Description of the task:
Retype, word for word, every line of the records below starting at the one that contains "Lemma mnm_withinP m" and ending at the one that contains "Proof. by move=>"; include both of those lines and nothing more.

Exercise materials:
+---+

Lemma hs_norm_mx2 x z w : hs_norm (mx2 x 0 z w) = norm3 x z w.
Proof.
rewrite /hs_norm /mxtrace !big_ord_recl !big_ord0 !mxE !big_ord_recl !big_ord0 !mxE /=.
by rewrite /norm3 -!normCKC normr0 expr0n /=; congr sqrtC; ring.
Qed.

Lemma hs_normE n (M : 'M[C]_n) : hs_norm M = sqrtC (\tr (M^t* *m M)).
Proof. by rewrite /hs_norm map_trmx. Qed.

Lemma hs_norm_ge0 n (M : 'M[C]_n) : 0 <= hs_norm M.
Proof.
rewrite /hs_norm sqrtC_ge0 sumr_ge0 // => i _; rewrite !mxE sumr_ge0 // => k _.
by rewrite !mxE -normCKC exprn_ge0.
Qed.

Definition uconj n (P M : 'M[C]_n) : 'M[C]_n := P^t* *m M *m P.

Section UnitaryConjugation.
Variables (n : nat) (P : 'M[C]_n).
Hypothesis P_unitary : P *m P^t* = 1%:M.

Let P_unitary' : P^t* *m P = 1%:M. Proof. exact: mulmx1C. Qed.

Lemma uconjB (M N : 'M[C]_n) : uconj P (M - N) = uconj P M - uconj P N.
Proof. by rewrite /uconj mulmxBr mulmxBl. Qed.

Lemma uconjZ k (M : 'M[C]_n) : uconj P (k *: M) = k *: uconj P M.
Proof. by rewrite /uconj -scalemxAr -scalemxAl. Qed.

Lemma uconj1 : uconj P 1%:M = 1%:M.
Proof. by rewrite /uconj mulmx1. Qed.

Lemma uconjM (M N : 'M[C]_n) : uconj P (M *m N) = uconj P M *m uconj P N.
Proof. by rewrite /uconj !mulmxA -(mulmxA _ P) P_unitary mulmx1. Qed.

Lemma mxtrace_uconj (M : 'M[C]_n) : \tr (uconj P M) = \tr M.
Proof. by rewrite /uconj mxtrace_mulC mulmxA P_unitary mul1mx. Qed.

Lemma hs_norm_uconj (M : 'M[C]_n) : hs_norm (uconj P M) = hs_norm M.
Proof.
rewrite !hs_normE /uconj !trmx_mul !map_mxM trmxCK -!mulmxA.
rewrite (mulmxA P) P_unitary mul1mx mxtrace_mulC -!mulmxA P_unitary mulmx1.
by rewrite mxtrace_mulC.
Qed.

+---+

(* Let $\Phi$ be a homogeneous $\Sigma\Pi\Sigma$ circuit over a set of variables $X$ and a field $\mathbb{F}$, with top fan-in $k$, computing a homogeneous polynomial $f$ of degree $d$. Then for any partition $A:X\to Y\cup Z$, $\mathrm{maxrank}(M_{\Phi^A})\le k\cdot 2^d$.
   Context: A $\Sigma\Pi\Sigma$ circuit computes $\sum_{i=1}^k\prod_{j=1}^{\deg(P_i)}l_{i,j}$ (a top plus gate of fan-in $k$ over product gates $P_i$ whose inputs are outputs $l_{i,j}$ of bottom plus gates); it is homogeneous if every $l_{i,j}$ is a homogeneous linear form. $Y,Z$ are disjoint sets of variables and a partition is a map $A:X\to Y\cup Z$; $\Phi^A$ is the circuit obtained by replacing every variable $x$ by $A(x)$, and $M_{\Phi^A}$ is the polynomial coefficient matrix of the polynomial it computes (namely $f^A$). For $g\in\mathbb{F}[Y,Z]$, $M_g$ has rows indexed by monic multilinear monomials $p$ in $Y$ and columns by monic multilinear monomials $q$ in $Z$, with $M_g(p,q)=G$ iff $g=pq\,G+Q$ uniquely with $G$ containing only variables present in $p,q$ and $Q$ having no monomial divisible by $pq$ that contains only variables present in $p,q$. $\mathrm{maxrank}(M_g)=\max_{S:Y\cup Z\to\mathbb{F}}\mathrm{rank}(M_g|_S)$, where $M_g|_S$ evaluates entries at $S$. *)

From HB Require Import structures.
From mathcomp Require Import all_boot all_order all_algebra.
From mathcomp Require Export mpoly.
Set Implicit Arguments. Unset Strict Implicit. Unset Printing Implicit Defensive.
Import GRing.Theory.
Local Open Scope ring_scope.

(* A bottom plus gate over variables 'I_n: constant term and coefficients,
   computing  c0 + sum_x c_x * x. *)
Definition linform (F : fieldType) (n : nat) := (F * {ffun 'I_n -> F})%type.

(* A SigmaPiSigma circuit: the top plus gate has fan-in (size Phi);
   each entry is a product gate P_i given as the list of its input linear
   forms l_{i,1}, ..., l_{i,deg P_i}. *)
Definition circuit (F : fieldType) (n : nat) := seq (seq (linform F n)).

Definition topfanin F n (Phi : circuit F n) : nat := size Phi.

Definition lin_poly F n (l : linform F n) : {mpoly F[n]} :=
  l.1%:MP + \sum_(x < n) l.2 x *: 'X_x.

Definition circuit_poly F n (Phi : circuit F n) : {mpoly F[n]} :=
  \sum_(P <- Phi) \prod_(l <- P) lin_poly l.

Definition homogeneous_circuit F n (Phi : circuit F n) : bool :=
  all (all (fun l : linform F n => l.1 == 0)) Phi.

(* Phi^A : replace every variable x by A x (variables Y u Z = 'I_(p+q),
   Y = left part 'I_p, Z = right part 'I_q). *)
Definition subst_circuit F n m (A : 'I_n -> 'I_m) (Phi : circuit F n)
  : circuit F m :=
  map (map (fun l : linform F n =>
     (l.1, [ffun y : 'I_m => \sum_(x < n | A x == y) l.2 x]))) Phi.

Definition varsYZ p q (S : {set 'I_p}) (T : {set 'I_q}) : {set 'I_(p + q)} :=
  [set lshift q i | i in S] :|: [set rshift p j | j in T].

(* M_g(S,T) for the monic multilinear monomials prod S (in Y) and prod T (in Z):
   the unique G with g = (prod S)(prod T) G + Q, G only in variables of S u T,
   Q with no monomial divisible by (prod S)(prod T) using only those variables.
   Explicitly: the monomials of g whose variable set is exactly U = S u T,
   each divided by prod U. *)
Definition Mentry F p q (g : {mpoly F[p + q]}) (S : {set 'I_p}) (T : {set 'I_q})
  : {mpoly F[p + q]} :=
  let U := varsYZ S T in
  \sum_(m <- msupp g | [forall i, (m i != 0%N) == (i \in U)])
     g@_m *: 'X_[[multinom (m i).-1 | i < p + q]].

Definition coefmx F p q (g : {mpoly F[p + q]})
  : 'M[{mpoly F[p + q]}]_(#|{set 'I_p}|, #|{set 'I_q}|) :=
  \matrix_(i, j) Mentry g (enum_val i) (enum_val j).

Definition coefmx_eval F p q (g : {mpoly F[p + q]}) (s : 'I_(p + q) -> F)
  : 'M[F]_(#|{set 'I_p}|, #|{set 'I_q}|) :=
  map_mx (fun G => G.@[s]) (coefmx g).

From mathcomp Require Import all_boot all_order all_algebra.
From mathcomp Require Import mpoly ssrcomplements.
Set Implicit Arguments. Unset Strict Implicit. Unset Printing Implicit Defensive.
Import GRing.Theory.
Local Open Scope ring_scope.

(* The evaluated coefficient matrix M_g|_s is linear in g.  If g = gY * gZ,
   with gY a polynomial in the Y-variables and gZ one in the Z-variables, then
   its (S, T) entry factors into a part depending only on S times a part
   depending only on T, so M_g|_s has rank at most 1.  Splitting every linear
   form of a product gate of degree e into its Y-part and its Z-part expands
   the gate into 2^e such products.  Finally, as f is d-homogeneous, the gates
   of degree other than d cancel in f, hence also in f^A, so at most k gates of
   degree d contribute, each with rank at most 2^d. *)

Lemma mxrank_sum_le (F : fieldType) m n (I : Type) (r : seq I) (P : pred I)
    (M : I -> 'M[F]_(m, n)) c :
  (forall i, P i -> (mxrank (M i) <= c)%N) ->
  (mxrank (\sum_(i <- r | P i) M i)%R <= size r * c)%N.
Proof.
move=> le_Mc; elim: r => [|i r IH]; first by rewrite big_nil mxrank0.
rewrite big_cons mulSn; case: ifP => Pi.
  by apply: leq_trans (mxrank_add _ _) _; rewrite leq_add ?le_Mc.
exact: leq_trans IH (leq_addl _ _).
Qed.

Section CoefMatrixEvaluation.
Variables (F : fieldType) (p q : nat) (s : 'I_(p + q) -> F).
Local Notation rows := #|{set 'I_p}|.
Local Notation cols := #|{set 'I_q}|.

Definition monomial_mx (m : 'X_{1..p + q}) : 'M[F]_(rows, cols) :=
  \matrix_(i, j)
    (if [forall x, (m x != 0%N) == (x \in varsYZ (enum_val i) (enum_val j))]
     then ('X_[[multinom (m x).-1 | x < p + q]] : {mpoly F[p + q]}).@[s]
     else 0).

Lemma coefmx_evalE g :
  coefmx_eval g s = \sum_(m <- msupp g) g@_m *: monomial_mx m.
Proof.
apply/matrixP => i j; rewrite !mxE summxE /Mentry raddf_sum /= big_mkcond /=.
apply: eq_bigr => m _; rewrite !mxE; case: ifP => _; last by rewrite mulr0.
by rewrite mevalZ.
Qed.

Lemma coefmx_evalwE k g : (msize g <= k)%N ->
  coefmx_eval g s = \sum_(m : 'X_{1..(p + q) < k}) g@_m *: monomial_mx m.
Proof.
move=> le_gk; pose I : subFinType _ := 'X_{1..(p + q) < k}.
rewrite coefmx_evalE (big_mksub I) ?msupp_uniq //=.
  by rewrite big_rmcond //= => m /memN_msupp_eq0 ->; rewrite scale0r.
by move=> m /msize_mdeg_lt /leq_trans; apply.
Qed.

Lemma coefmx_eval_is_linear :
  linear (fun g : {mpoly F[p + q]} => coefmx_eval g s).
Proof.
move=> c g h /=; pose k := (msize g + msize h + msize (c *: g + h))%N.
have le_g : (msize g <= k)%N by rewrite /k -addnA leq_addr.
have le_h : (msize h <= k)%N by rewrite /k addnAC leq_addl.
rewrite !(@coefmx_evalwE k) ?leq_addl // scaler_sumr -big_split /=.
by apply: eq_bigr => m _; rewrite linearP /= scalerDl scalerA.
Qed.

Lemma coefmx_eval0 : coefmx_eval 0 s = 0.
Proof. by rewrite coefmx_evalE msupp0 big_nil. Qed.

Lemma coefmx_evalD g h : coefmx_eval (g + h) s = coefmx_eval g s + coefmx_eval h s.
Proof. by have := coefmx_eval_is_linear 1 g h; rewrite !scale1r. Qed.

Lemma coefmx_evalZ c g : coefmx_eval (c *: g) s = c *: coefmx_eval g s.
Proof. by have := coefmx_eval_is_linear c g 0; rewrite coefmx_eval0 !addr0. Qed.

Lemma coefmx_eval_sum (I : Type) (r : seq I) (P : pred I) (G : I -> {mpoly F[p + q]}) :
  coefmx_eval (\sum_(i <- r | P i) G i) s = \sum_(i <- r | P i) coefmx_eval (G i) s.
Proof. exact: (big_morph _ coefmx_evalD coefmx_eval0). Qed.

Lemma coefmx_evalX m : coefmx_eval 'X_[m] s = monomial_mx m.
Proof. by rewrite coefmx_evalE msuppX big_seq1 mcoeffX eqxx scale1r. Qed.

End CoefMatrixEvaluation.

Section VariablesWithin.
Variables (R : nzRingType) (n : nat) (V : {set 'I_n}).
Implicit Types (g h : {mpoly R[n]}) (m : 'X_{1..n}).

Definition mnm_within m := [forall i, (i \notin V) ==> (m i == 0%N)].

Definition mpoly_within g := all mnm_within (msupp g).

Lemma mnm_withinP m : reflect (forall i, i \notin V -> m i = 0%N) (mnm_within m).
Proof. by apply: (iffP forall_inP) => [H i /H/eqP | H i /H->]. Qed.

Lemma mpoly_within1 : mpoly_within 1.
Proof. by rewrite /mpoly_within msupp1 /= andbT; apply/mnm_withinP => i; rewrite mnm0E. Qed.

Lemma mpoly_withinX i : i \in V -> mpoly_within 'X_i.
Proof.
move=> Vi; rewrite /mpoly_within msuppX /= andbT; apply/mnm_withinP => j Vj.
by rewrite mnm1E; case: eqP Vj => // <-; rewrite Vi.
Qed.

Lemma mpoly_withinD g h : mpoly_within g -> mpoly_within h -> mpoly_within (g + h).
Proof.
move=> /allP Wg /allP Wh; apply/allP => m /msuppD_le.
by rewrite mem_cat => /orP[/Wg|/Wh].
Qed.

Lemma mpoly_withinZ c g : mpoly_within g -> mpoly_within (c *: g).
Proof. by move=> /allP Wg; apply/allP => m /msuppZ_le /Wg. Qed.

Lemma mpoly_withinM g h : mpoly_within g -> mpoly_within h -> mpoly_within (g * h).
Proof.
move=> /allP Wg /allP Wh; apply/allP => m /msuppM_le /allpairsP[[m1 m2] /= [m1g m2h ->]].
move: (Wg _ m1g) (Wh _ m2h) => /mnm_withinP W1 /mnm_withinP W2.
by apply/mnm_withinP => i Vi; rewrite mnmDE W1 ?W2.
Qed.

+---+

Solution to the exercise:
Lemma mnm_withinP m : reflect (forall i, i \notin V -> m i = 0%N) (mnm_within m).
Proof. by apply: (iffP forall_inP) => [H i /H/eqP | H i /H->]. Qed.

Lemma mpoly_within1 : mpoly_within 1.
Proof. by rewrite /mpoly_within msupp1 /= andbT; apply/mnm_withinP => i; rewrite mnm0E. Qed.

Lemma mpoly_withinX i : i \in V -> mpoly_within 'X_i.
Proof.
move=> Vi; rewrite /mpoly_within msuppX /= andbT; apply/mnm_withinP => j Vj.
by rewrite mnm1E; case: eqP Vj => // <-; rewrite Vi.
Qed.

Lemma mpoly_withinD g h : mpoly_within g -> mpoly_within h -> mpoly_within (g + h).
Proof.
move=> /allP Wg /allP Wh; apply/allP => m /msuppD_le.
by rewrite mem_cat => /orP[/Wg|/Wh].
Qed.

Lemma mpoly_withinZ c g : mpoly_within g -> mpoly_within (c *: g).
Proof. by move=> /allP Wg; apply/allP => m /msuppZ_le /Wg. Qed.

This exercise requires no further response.